__WHAT YOU SHOULD DO__
Find the line holding "rewrite leqn0 =>" in the entries below. Give it again exactly, along with every line after it up to and including the line holding "rewrite -expnD -[X".

__INFORMATION SUPPLIED__
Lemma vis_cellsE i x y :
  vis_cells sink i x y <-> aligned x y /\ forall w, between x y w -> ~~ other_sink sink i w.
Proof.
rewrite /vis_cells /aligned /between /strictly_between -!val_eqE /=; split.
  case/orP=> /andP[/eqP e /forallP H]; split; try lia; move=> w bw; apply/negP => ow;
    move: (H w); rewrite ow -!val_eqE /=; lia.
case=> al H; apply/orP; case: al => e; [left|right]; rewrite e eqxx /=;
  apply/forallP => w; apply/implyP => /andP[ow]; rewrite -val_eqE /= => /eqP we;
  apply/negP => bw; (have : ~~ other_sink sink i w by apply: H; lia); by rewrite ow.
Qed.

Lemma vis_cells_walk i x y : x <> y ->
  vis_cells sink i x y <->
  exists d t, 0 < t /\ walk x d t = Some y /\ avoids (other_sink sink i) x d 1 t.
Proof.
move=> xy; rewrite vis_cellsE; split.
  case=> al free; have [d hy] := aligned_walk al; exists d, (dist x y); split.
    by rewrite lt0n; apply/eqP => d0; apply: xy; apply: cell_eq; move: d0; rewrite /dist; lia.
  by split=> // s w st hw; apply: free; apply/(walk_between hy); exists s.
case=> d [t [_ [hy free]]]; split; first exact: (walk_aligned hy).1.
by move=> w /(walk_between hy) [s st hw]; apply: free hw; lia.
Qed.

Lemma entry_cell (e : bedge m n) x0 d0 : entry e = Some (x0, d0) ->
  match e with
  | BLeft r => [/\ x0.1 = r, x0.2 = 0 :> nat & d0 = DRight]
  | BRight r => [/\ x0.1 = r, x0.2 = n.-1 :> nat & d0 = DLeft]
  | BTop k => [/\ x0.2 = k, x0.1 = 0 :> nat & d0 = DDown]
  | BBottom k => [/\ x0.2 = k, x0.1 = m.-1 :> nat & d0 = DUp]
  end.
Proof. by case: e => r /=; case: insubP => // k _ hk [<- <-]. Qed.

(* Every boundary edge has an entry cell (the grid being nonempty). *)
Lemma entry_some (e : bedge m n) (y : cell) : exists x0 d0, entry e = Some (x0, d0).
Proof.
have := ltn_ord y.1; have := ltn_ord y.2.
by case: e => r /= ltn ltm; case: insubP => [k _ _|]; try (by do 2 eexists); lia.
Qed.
* * *
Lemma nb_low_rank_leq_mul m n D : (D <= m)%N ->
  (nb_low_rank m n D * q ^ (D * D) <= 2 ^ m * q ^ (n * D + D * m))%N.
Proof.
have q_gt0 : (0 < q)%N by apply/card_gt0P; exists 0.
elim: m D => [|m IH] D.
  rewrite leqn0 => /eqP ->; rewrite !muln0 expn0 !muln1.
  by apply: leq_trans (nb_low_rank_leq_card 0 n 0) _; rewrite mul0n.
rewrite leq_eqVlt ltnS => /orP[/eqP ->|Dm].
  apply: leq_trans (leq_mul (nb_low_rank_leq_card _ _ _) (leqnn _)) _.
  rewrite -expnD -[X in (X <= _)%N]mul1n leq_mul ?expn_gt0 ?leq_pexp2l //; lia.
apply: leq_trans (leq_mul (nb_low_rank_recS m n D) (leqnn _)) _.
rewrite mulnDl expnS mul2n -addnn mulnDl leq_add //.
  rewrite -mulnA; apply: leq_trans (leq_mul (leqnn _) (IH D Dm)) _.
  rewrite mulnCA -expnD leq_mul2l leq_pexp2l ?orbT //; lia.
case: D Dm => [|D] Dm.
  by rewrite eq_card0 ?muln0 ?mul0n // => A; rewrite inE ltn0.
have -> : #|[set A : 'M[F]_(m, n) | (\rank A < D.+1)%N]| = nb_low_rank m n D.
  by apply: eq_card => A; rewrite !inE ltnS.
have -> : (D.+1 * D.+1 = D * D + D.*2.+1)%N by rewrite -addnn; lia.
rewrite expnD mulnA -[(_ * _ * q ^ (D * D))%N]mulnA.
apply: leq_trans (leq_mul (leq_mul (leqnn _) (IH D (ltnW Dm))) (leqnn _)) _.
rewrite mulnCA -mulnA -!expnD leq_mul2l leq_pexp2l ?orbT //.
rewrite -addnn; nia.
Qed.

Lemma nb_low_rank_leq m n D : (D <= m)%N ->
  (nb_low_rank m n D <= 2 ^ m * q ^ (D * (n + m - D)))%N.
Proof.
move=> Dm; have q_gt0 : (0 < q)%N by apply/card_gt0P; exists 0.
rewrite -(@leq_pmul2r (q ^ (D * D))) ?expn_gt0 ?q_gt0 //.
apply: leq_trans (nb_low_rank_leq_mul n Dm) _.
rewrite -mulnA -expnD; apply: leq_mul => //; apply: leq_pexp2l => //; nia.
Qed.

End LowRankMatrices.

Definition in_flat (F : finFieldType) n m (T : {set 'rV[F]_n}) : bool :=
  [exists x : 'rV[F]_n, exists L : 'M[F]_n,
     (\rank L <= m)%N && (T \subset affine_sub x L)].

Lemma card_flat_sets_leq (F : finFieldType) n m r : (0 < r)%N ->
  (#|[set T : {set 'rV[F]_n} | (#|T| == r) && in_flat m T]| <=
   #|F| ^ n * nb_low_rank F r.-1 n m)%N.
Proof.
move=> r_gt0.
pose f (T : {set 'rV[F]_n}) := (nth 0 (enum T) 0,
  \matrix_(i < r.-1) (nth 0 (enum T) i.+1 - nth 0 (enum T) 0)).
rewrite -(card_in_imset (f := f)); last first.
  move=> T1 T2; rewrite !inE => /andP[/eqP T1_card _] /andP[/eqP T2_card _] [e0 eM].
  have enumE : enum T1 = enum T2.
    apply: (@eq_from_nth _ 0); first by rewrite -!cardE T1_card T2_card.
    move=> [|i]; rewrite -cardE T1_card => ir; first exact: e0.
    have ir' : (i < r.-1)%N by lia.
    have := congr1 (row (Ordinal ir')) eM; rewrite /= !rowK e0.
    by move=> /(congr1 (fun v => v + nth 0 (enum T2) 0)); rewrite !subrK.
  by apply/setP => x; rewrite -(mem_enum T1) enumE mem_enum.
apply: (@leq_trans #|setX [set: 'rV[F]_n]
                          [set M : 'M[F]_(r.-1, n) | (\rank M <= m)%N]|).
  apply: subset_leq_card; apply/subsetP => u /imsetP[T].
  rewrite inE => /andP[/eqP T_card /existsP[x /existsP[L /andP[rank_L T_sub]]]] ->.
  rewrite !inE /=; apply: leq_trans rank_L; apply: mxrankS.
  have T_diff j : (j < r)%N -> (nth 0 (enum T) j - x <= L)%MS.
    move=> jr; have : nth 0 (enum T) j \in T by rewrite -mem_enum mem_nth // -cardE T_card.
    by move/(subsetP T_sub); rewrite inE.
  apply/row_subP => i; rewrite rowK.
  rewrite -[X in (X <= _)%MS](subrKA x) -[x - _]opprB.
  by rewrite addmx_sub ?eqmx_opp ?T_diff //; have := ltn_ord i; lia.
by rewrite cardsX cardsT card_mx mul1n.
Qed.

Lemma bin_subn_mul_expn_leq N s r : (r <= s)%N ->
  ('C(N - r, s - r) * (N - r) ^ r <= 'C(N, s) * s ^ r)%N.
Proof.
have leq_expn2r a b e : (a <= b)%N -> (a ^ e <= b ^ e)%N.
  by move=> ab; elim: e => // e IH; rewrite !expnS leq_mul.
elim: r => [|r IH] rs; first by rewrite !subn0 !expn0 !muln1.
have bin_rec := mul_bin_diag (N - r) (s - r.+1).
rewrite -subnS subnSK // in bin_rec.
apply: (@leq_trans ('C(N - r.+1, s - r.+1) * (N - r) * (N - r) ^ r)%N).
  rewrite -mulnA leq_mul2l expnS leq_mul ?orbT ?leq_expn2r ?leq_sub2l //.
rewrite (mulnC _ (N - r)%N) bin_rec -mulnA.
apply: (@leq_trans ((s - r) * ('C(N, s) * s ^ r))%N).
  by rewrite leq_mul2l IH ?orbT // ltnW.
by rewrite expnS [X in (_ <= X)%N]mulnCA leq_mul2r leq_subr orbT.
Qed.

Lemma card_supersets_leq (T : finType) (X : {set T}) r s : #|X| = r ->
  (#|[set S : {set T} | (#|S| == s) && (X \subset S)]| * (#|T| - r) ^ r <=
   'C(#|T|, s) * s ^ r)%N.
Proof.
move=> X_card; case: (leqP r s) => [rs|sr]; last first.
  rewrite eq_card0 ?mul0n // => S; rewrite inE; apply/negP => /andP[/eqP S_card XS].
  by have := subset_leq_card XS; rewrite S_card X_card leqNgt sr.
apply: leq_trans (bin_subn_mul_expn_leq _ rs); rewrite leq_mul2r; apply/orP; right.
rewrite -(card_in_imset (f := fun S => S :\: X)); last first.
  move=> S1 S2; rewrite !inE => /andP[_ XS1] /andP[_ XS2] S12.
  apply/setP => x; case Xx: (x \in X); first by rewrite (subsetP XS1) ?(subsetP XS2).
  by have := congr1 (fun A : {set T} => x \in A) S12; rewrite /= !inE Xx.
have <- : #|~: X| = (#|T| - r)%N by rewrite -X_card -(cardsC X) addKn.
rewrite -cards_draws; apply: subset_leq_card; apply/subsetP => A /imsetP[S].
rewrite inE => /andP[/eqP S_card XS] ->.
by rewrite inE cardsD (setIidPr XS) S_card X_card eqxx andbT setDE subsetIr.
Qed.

__EXERCISE SOLUTION__
  rewrite leqn0 => /eqP ->; rewrite !muln0 expn0 !muln1.
  by apply: leq_trans (nb_low_rank_leq_card 0 n 0) _; rewrite mul0n.
rewrite leq_eqVlt ltnS => /orP[/eqP ->|Dm].
  apply: leq_trans (leq_mul (nb_low_rank_leq_card _ _ _) (leqnn _)) _.
  rewrite -expnD -[X in (X <= _)%N]mul1n leq_mul ?expn_gt0 ?leq_pexp2l //; lia.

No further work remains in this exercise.